Зевс из бездны
Вот наконец я и увидел эту статую, о которой Бенвенист в «Словаре индоевропейских социальных терминов» пишет, что в ней лучше всего, что есть, узревается царственный сияющий простор – суть бога неба, каковым по самому своему имени является Зевс-Юпитер. На пьедестале бесконечное царящее простирание, создающее день: олимпийскую синеву над всем, над чем поднята эта рука.
Однако в фигуре бога из Национального археологического музея в Афинах ещё много всего, с учётом того, что небо ведёт себя по-разному, в том числе неся огонь и шторм.
Только ради одной этой статуи стоило приехать в Афины, но, конечно, ею дело не ограничивается. В музее заметно отношение к ней как к жемчужине коллекции – на фоне даже таких экспонатов, как микенское золото Шлимана или фрески Тиринфа. Дискуссию же, Зевс это или всё-таки Посейдон, не приходится считать существенной – для классического периода, когда работал автор статуи, они достаточно условно различимы. Дистанции, разделяющие два культа в неизвестном прошлом, преодолены. Посейдон, чьё имя в отличие от зевсова, этимологически не прослеживается, во времена Гомера и Гесиода побратался с олимпийским царем. Как следует из солнечного текста о воде, бог неба становится богом морей, проецируя себя и порождая эффект перемен – рябь земли, рябь воды, чтобы не добавить ещё: рябь времени. Гипостазирование неба открывает и меряет глубину. Колебатель – земная ипостась вершителя. Вслед за днем создаётся – нисходит с высоты – не только ночь, уже сквозящая в этих глазах, но цикл чередования дня и ночи.

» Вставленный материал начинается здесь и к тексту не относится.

(* Let $\overline f:[a,b]\to\mathbb{R}_\mathcal{I}$ be continuous on $[a,b]$. Then $\overline f$ is interval Riemann integrable on $[a,b]$.
   Context: $\mathbb{R}_\mathcal{I}$ denotes the set of all closed intervals $\overline a=[a_l,a_r]$ with $a_l<a_r$ (real numbers are not regarded as degenerate intervals). Each $\overline a$ is written as $\overline a=\langle a_c;a_w\rangle$ with center $a_c=\frac{a_l+a_r}{2}$ and radius $a_w=\frac{a_r-a_l}{2}>0$. The operations on $\mathbb{R}_\mathcal{I}$ are: addition $\overline a+\overline b=\langle a_c+b_c;\,a_w b_w\rangle$ and scalar multiplication $k\overline a=\langle k a_c;\,a_w^{k}\rangle$ for $k\in\mathbb{R}$. The distance is $d(\overline a,\overline b)=\sqrt{(a_c-b_c)^2+(\ln a_w-\ln b_w)^2}$. An interval-valued function $\overline f(t)=\langle f_c(t);f_w(t)\rangle$ on $[a,b]$ is continuous at $x$ if for every $\varepsilon>0$ there is $\delta>0$ with $d(\overline f(x),\overline f(y))<\varepsilon$ whenever $y\in[a,b]$, $|y-x|<\delta$; continuous on $[a,b]$ means continuous at every point. $\overline f$ is interval Riemann integrable on $[a,b]$ with integral $\overline A\in\mathbb{R}_\mathcal{I}$, written $\overline A=(IR)\int_a^b\overline f(t)\,\mathrm{d}t$, if for every $\varepsilon>0$ there is $\delta>0$ such that for every partition $a=t_0<t_1<\dots<t_n=b$ with $t_i-t_{i-1}<\delta$ and every choice of tags $\xi_i\in[t_{i-1},t_i]$, one has $d\big(\sum_{i=1}^n \overline f(\xi_i)(t_i-t_{i-1}),\overline A\big)<\varepsilon$, where the sum and scalar products use the operations above. *)

From Stdlib Require Import Reals Lra.
Open Scope R_scope.

(* An element of R_I: an interval <c; w> with center c and radius w > 0. *)
Record RI : Type := mkRI { rc : R; rw : R; rw_pos : 0 < rw }.

Definition ri_add (x y : RI) : RI :=
  mkRI (rc x + rc y) (rw x * rw y) (Rmult_lt_0_compat _ _ (rw_pos x) (rw_pos y)).

Definition ri_scal (k : R) (x : RI) : RI :=
  mkRI (k * rc x) (Rpower (rw x) k) (exp_pos _).

Definition ri_zero : RI := mkRI 0 1 Rlt_0_1.

Definition ri_dist (x y : RI) : R :=
  sqrt ((rc x - rc y) ^ 2 + (ln (rw x) - ln (rw y)) ^ 2).

Definition ri_continuous_at (f : R -> RI) (a b x : R) : Prop :=
  forall eps, 0 < eps -> exists delta, 0 < delta /\
    forall y, a <= y <= b -> Rabs (y - x) < delta -> ri_dist (f x) (f y) < eps.

Definition ri_continuous_on (f : R -> RI) (a b : R) : Prop :=
  forall x, a <= x <= b -> ri_continuous_at f a b x.

Fixpoint ri_riemann_sum (f : R -> RI) (t xi : nat -> R) (n : nat) : RI :=
  match n with
  | O => ri_zero
  | S m => ri_add (ri_riemann_sum f t xi m) (ri_scal (t (S m) - t m) (f (xi (S m))))
  end.

Definition tagged_partition (a b delta : R) (n : nat) (t xi : nat -> R) : Prop :=
  t O = a /\ t n = b /\
  (forall i, (1 <= i <= n)%nat -> t (i - 1)%nat < t i /\ t i - t (i - 1)%nat < delta
                                 /\ t (i - 1)%nat <= xi i <= t i).

Definition ri_integral (f : R -> RI) (a b : R) (A : RI) : Prop :=
  forall eps, 0 < eps -> exists delta, 0 < delta /\
    forall n t xi, tagged_partition a b delta n t xi ->
      ri_dist (ri_riemann_sum f t xi n) A < eps.

Definition ri_integrable (f : R -> RI) (a b : R) : Prop :=
  exists A : RI, ri_integral f a b A.

(* The map <c; w> |-> (c, ln w) is an isometry from R_I onto the Euclidean
   plane which turns the interval operations into the vector operations of
   R^2.  Interval Riemann sums of f are therefore pairs of real Riemann sums of
   the two continuous real functions c_f and ln w_f, and the interval integral
   is <int c_f; exp (int ln w_f)>. *)
From Stdlib Require Import Reals Lra Lia.
From Coquelicot Require Import Coquelicot.
Open Scope R_scope.

Fixpoint rsum (g : R -> R) (t xi : nat -> R) (n : nat) : R :=
  match n with
  | O => 0
  | S m => rsum g t xi m + (t (S m) - t m) * g (xi (S m))
  end.

Definition continuous_on_interval (g : R -> R) (a b : R) : Prop :=
  forall x, a <= x <= b -> forall eps, 0 < eps -> exists delta, 0 < delta /\
    forall y, a <= y <= b -> Rabs (y - x) < delta -> Rabs (g x - g y) < eps.

Definition riemann_integral (g : R -> R) (a b I : R) : Prop :=
  forall eps, 0 < eps -> exists delta, 0 < delta /\
    forall n t xi, tagged_partition a b delta n t xi -> Rabs (rsum g t xi n - I) < eps.

Lemma tagged_partition_bounds a b d n t xi :
  tagged_partition a b d n t xi -> forall i, (i <= n)%nat -> a <= t i <= b.
Proof.
  intros [Ht0 [Htn Hstep]].
  assert (Hincr : forall i, (i < n)%nat -> t i < t (S i)).
  { intros i Hi. destruct (Hstep (S i)) as [Hlt _]; [lia|].
    now replace (S i - 1)%nat with i in Hlt by lia. }
  assert (Hlow : forall i, (i <= n)%nat -> a <= t i).
  { induction i as [|i IH]; intros Hi; [lra|].
    specialize (IH ltac:(lia)). specialize (Hincr i ltac:(lia)). lra. }
  assert (Hup : forall k i, (i + k = n)%nat -> t i <= b).
  { induction k as [|k IH]; intros i Hi.
    - replace i with n by lia. lra.
    - specialize (IH (S i) ltac:(lia)). specialize (Hincr i ltac:(lia)). lra. }
  intros i Hi. split; [now apply Hlow | now apply (Hup (n - i)%nat); lia].
Qed.

Lemma tagged_partition_tags a b d n t xi :
  tagged_partition a b d n t xi -> forall i, (1 <= i <= n)%nat -> a <= xi i <= b.
Proof.
  intros HP i Hi.
  pose proof (tagged_partition_bounds _ _ _ _ _ _ HP (i - 1) ltac:(lia)).
  pose proof (tagged_partition_bounds _ _ _ _ _ _ HP i ltac:(lia)).
  destruct HP as [_ [_ Hstep]]. destruct (Hstep i Hi) as [_ [_ Hxi]]. lra.
Qed.

Lemma tagged_partition_mesh_le a b d d' n t xi :
  d <= d' -> tagged_partition a b d n t xi -> tagged_partition a b d' n t xi.
Proof.
  intros Hdd' [Ht0 [Htn Hstep]]. split; [|split]; auto.
  intros i Hi. destruct (Hstep i Hi) as [H1 [H2 H3]]. repeat split; auto; lra.
Qed.

Lemma rsum_ext_partition g h a b d n t xi :
  (forall x, a <= x <= b -> g x = h x) ->
  tagged_partition a b d n t xi -> rsum g t xi n = rsum h t xi n.
Proof.
  intros Hgh HP.
  assert (Hm : forall m, (m <= n)%nat -> rsum g t xi m = rsum h t xi m).
  { induction m as [|m IH]; intros Hm; simpl; [reflexivity|].
    rewrite IH, Hgh by (lia || apply (tagged_partition_tags _ _ _ _ _ _ HP); lia).
    reflexivity. }
  now apply Hm.
Qed.

(* Composing with [clamp a b] extends a function continuous on [a, b] to one
   continuous on all of R, as Coquelicot's integration lemmas require. *)
Definition clamp (a b x : R) : R := Rmax a (Rmin b x).

Lemma clamp_in a b x : a <= b -> a <= clamp a b x <= b.
Proof. intros; unfold clamp, Rmax, Rmin; repeat destruct Rle_dec; lra. Qed.

Lemma clamp_id a b x : a <= x <= b -> clamp a b x = x.
Proof. intros; unfold clamp, Rmax, Rmin; repeat destruct Rle_dec; lra. Qed.

Lemma clamp_lipschitz a b x y :
  a <= b -> Rabs (clamp a b y - clamp a b x) <= Rabs (y - x).
Proof.
  intros; unfold clamp, Rmax, Rmin; repeat destruct Rle_dec;
    unfold Rabs; repeat destruct Rcase_abs; lra.
Qed.

Lemma continuous_clamp_comp g a b :
  a <= b -> continuous_on_interval g a b ->
  forall x, continuous (fun y => g (clamp a b y)) x.
Proof.
  intros Hab Hg x. apply continuity_pt_filterlim. intros eps Heps.
  destruct (Hg (clamp a b x) (clamp_in a b x Hab) eps Heps) as [d [Hd Hnear]].
  exists d; split; [exact Hd|]. intros y [_ Hy]. simpl in Hy |- *. unfold R_dist in *.
  rewrite Rabs_minus_sym. apply Hnear; [now apply clamp_in|].
  eapply Rle_lt_trans; [now apply clamp_lipschitz | exact Hy].
Qed.

Lemma continuous_uniform_on_interval (h : R -> R) a b e :
  (forall x, continuous h x) -> 0 < e -> exists d, 0 < d /\
    forall x y, a <= x <= b -> a <= y <= b -> Rabs (y - x) < d -> Rabs (h y - h x) < e.
Proof.
  intros Hh He.
  destruct (unifcont_normed_1d (V := R_NormedModule) h a b (fun x _ => Hh x)
              (mkposreal e He)) as [[d Hd] Hunif].
  exists d; split; [exact Hd|]. intros x y Hx Hy Hxy. exact (Hunif x y Hx Hy Hxy).
Qed.

Lemma RInt_tag_error (h : R -> R) u v c e :
  u <= v -> (forall x, continuous h x) ->
  (forall s, u <= s <= v -> Rabs (h c - h s) <= e) ->
  Rabs ((v - u) * h c - RInt h u v) <= (v - u) * e.
Proof.
  intros Huv Hh Hclose.
  assert (Hex : forall g, (forall x, continuous g x) -> ex_RInt g u v)
    by (intros g Hg; apply (ex_RInt_continuous (V := R_CompleteNormedModule)); auto).
  replace ((v - u) * h c - RInt h u v) with (RInt (fun s => h c - h s) u v).
  - apply abs_RInt_le_const; auto. apply Hex. intros x.
    apply (continuous_minus (fun _ => h c) h); [apply continuous_const | apply Hh].
  - rewrite (RInt_minus (fun _ => h c) h) by (apply ex_RInt_const || now apply Hex).
    now rewrite RInt_const.
Qed.

Lemma rsum_RInt_error (h : R -> R) a b d e n t xi :
  (forall x, continuous h x) ->
  (forall x y, a <= x <= b -> a <= y <= b -> Rabs (y - x) < d -> Rabs (h y - h x) <= e) ->
  tagged_partition a b d n t xi ->
  Rabs (rsum h t xi n - RInt h a b) <= e * (b - a).
Proof.
  intros Hh Hunif HP.
  pose proof (tagged_partition_bounds _ _ _ _ _ _ HP) as Hbd.
  destruct HP as [Ht0 [Htn Hstep]].
  assert (Hex : forall u v, ex_RInt h u v)
    by (intros; apply (ex_RInt_continuous (V := R_CompleteNormedModule)); auto).
  assert (Hm : forall m, (m <= n)%nat ->
                 Rabs (rsum h t xi m - RInt h a (t m)) <= e * (t m - a)).
  { induction m as [|m IH]; intros Hm.
    - simpl. rewrite Ht0, RInt_point. unfold zero; simpl.
      rewrite Rminus_0_r, Rabs_R0. lra.
    - destruct (Hstep (S m)) as [Hlt [Hmesh Hxi]]; [lia|].
      replace (S m - 1)%nat with m in * by lia.
      specialize (IH ltac:(lia)).
      pose proof (Hbd m ltac:(lia)). pose proof (Hbd (S m) Hm).
      assert (Hloc : Rabs ((t (S m) - t m) * h (xi (S m)) - RInt h (t m) (t (S m)))
                     <= (t (S m) - t m) * e).
      { apply RInt_tag_error; auto; [lra|]. intros s Hs.
        rewrite Rabs_minus_sym. apply Hunif; try lra.
        unfold Rabs; destruct Rcase_abs; lra. }
      simpl rsum. rewrite <- (RInt_Chasles h a (t m) (t (S m))) by apply Hex.
      unfold plus; simpl.
      replace (rsum h t xi m + (t (S m) - t m) * h (xi (S m))
               - (RInt h a (t m) + RInt h (t m) (t (S m))))
        with ((rsum h t xi m - RInt h a (t m))
              + ((t (S m) - t m) * h (xi (S m)) - RInt h (t m) (t (S m)))) by ring.
      eapply Rle_trans; [apply Rabs_triang|]. lra. }
  specialize (Hm n (le_n n)). now rewrite Htn in Hm.
Qed.

Lemma continuous_on_interval_riemann_integrable g a b :
  a <= b -> continuous_on_interval g a b -> exists I, riemann_integral g a b I.
Proof.
  intros Hab Hg.
  set (h := fun x => g (clamp a b x)).
  assert (Hh : forall x, continuous h x) by now apply continuous_clamp_comp.
  exists (RInt h a b). intros eps Heps.
  set (e := eps / (b - a + 1)).
  assert (He : 0 < e) by (apply Rdiv_lt_0_compat; lra).
  assert (Heba : e * (b - a) < eps).
  { unfold e. apply (Rmult_lt_reg_r (b - a + 1)); [lra|].
    field_simplify; lra. }
  destruct (continuous_uniform_on_interval h a b e Hh He) as [d [Hd Hunif]].
  exists d; split; [exact Hd|]. intros n t xi HP.
  rewrite (rsum_ext_partition g h a b d n t xi) by
    (auto; intros x Hx; unfold h; now rewrite clamp_id).
  eapply Rle_lt_trans; [|exact Heba].
  apply (rsum_RInt_error h a b d e n t xi); auto.
  intros x y Hx Hy Hxy. now apply Rlt_le, Hunif.
Qed.

Lemma Rabs_le_sqrt_sum_sq p q : Rabs p <= sqrt (p ^ 2 + q ^ 2).
Proof.
  rewrite <- sqrt_Rsqr_abs. apply sqrt_le_1_alt.
  unfold Rsqr. pose proof (pow2_ge_0 q). nra.
Qed.

Lemma sqrt_sum_sq_le p q : sqrt (p ^ 2 + q ^ 2) <= Rabs p + Rabs q.
Proof.
  pose proof (Rabs_pos p). pose proof (Rabs_pos q).
  rewrite <- (sqrt_pow2 (Rabs p + Rabs q)) by lra. apply sqrt_le_1_alt.
  rewrite <- (pow2_abs p), <- (pow2_abs q). nra.
Qed.

Lemma ri_dist_ge_rc x y : Rabs (rc x - rc y) <= ri_dist x y.
Proof. apply Rabs_le_sqrt_sum_sq. Qed.

Lemma ri_dist_ge_ln_rw x y : Rabs (ln (rw x) - ln (rw y)) <= ri_dist x y.
Proof. unfold ri_dist. rewrite Rplus_comm. apply Rabs_le_sqrt_sum_sq. Qed.

Lemma ri_continuous_on_comp (phi : RI -> R) f a b :
  (forall x y, Rabs (phi x - phi y) <= ri_dist x y) ->
  ri_continuous_on f a b -> continuous_on_interval (fun x => phi (f x)) a b.
Proof.
  intros Hphi Hf x Hx eps Heps.
  destruct (Hf x Hx eps Heps) as [d [Hd Hnear]].
  exists d; split; [exact Hd|]. intros y Hy Hxy.
  eapply Rle_lt_trans; [apply Hphi | now apply Hnear].
Qed.

Lemma rc_ri_riemann_sum f t xi n :
  rc (ri_riemann_sum f t xi n) = rsum (fun x => rc (f x)) t xi n.
Proof. induction n as [|n IH]; simpl; [reflexivity|]. rewrite IH. ring. Qed.

Lemma ln_rw_ri_riemann_sum f t xi n :
  ln (rw (ri_riemann_sum f t xi n)) = rsum (fun x => ln (rw (f x))) t xi n.
Proof.
  induction n as [|n IH]; simpl; [apply ln_1|].
  rewrite ln_mult by (apply rw_pos || apply exp_pos).
  rewrite IH. unfold Rpower. rewrite ln_exp. ring.
Qed.

Lemma ri_integral_of_components f a b Ic Il :
  riemann_integral (fun x => rc (f x)) a b Ic ->
  riemann_integral (fun x => ln (rw (f x))) a b Il ->
  ri_integral f a b (mkRI Ic (exp Il) (exp_pos Il)).
Proof.
  intros Hc Hl eps Heps.
  destruct (Hc (eps / 2) ltac:(lra)) as [dc [Hdc Kc]].
  destruct (Hl (eps / 2) ltac:(lra)) as [dl [Hdl Kl]].
  exists (Rmin dc dl); split; [now apply Rmin_pos|]. intros n t xi HP.
  specialize (Kc n t xi (tagged_partition_mesh_le _ _ _ _ _ _ _ (Rmin_l dc dl) HP)).
  specialize (Kl n t xi (tagged_partition_mesh_le _ _ _ _ _ _ _ (Rmin_r dc dl) HP)).
  unfold ri_dist; simpl. rewrite ln_exp, rc_ri_riemann_sum, ln_rw_ri_riemann_sum.
  eapply Rle_lt_trans; [apply sqrt_sum_sq_le | lra].
Qed.

Theorem theorem5p2 (a b : R) (f : R -> RI) :
  a < b -> ri_continuous_on f a b -> ri_integrable f a b.
Proof.
  intros Hab Hf.
  destruct (continuous_on_interval_riemann_integrable (fun x => rc (f x)) a b)
    as [Ic Hc]; [lra | exact (ri_continuous_on_comp rc f a b ri_dist_ge_rc Hf)|].
  destruct (continuous_on_interval_riemann_integrable (fun x => ln (rw (f x))) a b)
    as [Il Hl]; [lra | exact (ri_continuous_on_comp _ f a b ri_dist_ge_ln_rw Hf)|].
  exists (mkRI Ic (exp Il) (exp_pos Il)).
  now apply ri_integral_of_components.
Qed.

То, что эксперт признал каноническим в образе одного бога, применимо к другому, казалось бы из иной стихии. И это симптоматично. Получается, и Бенвенист не отказал себе вглядеться в колеблющееся отражение неба на поверхности тёмной глуби. Да ведь не забудем: именно из тёмной глуби и появилась статуя, о которой речь – найденная в море. Таковы ныне пути небесного.